- INSTRUCTIONS FOR THE TASK: Starting with the line that contains "leq_pmulr // expn_gt0 Hp0." and stopping after the line that contains "case: eqP => [->|].", copy the entries below exactly. Include nothing else.

(Saved data entries)
*** Block opens ***

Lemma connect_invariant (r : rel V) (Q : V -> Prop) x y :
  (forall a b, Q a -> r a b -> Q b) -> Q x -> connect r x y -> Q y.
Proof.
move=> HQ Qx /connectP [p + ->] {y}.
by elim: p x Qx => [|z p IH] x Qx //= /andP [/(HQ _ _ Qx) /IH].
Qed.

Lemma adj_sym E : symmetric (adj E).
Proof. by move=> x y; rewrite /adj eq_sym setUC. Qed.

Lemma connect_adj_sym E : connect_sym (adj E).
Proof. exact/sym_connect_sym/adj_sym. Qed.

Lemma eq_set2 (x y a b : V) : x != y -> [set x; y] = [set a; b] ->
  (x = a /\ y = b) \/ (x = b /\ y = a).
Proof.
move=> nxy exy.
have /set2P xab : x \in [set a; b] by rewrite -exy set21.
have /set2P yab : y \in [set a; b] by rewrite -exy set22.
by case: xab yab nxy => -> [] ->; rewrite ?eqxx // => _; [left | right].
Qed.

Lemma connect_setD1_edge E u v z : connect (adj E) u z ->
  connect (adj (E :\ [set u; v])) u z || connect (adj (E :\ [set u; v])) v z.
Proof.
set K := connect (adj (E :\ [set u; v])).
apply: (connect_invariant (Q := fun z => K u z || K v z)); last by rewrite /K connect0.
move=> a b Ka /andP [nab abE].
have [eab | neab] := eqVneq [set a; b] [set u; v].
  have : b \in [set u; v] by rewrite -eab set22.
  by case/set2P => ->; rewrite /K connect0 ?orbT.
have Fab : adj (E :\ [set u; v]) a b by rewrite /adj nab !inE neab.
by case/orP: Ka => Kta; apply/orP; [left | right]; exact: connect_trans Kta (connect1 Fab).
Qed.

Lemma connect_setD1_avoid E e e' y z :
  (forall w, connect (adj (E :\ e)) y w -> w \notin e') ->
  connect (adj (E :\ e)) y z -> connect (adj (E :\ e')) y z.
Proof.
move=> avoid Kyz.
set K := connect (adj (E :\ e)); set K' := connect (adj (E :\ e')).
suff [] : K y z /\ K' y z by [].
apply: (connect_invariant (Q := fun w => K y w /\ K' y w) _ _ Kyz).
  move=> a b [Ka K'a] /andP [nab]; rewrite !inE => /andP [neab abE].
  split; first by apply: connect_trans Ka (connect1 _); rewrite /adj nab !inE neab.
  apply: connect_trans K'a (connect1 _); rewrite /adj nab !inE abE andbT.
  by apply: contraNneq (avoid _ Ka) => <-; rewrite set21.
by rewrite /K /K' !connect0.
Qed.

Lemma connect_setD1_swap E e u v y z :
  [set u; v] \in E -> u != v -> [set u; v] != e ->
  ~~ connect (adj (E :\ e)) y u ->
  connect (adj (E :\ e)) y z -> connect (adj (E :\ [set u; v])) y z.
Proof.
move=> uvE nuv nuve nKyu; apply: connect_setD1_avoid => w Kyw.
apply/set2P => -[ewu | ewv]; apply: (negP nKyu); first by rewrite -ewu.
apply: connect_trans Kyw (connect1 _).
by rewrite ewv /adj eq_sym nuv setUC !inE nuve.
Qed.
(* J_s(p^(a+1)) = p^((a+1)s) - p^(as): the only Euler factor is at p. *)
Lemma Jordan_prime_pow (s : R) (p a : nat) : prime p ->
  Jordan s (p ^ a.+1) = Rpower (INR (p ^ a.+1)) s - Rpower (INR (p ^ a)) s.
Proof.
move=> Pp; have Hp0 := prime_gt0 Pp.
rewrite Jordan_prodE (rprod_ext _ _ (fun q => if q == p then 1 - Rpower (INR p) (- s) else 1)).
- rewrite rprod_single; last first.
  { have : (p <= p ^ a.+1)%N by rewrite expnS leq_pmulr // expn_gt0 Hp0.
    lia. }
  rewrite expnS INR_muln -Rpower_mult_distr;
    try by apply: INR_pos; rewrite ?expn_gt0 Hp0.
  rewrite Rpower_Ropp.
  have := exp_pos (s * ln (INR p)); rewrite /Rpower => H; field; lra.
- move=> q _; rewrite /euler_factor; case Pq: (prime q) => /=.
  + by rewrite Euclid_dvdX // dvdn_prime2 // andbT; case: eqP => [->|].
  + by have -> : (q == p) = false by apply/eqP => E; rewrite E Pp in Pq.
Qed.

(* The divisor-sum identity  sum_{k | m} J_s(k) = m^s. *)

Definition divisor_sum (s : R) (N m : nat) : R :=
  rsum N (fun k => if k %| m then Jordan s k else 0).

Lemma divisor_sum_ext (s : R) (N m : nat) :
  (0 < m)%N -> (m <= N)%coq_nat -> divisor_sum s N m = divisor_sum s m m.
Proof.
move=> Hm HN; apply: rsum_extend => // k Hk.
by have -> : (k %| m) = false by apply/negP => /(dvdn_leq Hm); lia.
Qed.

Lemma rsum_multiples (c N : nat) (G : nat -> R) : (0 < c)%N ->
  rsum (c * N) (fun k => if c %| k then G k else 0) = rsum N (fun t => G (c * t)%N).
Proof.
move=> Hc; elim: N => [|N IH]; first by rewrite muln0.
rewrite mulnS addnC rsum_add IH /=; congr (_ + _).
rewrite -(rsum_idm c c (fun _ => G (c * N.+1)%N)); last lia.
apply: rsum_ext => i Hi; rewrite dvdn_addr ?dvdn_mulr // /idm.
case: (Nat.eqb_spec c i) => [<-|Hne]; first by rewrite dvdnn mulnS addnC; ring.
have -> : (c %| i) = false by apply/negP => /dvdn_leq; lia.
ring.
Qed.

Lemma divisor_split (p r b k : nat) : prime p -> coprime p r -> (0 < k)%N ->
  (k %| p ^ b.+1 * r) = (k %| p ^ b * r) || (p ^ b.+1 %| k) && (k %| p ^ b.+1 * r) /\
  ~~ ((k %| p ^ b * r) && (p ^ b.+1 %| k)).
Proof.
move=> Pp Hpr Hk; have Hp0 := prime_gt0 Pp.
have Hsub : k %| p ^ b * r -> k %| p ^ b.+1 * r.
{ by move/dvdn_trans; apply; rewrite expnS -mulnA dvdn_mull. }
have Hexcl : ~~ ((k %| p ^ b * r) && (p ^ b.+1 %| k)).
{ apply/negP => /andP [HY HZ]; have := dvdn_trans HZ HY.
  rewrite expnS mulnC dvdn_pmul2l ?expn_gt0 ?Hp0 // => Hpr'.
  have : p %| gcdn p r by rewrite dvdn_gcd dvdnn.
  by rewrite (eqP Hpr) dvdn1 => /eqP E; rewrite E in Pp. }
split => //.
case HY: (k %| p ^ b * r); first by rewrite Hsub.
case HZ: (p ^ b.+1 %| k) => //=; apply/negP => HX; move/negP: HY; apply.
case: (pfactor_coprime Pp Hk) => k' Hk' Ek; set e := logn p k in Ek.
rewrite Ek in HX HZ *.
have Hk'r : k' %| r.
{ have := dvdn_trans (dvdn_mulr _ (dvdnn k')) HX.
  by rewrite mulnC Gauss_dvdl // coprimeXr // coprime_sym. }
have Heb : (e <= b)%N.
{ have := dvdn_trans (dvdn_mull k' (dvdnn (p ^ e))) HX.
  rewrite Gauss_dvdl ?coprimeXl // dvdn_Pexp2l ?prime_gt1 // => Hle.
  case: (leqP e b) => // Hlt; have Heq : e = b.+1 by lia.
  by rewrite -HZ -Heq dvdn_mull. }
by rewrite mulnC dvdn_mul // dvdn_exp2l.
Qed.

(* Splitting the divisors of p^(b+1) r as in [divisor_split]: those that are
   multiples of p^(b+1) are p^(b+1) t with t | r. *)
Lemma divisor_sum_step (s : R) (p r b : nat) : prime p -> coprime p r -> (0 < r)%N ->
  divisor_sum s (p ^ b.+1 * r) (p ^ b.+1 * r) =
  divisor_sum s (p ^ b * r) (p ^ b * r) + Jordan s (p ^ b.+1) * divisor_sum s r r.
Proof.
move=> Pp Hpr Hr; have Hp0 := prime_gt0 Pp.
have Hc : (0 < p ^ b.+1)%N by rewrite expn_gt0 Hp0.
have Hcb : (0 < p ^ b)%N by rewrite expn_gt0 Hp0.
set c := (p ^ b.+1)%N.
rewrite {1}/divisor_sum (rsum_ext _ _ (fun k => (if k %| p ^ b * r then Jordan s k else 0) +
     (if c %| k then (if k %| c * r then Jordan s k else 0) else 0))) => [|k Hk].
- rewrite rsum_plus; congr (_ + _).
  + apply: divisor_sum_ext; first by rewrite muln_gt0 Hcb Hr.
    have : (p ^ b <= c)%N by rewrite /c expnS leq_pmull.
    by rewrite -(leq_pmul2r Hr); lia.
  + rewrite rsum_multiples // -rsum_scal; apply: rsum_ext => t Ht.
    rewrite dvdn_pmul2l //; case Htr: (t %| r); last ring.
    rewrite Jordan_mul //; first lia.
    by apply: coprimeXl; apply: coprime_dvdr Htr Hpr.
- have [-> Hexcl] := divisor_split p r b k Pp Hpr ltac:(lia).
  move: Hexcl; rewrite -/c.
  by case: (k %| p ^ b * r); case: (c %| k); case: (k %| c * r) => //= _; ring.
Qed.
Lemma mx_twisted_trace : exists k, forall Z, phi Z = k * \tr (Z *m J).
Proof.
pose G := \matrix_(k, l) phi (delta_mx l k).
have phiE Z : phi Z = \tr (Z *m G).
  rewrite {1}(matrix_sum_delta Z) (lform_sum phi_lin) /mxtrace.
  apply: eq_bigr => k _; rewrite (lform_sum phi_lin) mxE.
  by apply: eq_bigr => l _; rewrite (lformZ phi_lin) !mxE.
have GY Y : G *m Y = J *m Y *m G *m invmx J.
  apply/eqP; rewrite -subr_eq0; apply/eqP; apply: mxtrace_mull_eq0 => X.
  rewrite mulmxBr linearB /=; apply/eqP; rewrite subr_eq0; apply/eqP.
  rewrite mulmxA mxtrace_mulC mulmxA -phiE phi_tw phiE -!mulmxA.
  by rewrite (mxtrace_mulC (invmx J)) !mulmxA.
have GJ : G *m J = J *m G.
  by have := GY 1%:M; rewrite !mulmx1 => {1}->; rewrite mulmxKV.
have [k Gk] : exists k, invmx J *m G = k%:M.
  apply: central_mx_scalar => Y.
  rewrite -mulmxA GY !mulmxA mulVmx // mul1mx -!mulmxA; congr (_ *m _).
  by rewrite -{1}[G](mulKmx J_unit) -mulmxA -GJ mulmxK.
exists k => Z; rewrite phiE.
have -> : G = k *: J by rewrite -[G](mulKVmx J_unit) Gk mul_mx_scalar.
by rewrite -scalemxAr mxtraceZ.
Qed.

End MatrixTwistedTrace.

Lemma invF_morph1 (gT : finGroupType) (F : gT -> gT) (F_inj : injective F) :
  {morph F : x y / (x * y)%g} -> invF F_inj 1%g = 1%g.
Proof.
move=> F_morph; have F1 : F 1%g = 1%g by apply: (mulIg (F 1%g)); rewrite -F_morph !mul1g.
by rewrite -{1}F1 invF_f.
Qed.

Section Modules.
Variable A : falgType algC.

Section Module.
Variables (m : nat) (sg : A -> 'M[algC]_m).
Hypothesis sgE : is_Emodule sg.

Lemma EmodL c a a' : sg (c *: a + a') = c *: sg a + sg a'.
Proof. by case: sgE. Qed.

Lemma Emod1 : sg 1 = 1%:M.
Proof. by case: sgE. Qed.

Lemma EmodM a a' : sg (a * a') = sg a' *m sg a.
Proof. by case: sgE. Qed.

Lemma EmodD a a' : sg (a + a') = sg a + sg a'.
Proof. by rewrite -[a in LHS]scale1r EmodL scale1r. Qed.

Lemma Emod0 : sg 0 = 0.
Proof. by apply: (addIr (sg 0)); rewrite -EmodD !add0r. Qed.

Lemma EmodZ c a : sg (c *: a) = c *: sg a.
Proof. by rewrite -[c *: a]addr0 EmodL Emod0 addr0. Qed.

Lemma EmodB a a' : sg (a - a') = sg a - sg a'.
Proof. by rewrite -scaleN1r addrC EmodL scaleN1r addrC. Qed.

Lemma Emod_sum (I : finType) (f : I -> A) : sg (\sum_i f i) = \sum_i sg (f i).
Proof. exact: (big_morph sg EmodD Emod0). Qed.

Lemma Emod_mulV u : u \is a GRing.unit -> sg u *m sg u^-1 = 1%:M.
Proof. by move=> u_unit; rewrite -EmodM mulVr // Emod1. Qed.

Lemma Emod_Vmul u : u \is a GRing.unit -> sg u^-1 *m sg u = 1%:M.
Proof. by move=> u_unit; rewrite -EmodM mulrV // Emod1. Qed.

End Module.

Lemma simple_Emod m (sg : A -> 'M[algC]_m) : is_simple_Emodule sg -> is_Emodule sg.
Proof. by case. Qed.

*** Block closes ***

- SOLUTION TO THIS EXERCISE:
  { have : (p <= p ^ a.+1)%N by rewrite expnS leq_pmulr // expn_gt0 Hp0.
    lia. }
  rewrite expnS INR_muln -Rpower_mult_distr;
    try by apply: INR_pos; rewrite ?expn_gt0 Hp0.
  rewrite Rpower_Ropp.
  have := exp_pos (s * ln (INR p)); rewrite /Rpower => H; field; lra.
- move=> q _; rewrite /euler_factor; case Pq: (prime q) => /=.
  + by rewrite Euclid_dvdX // dvdn_prime2 // andbT; case: eqP => [->|].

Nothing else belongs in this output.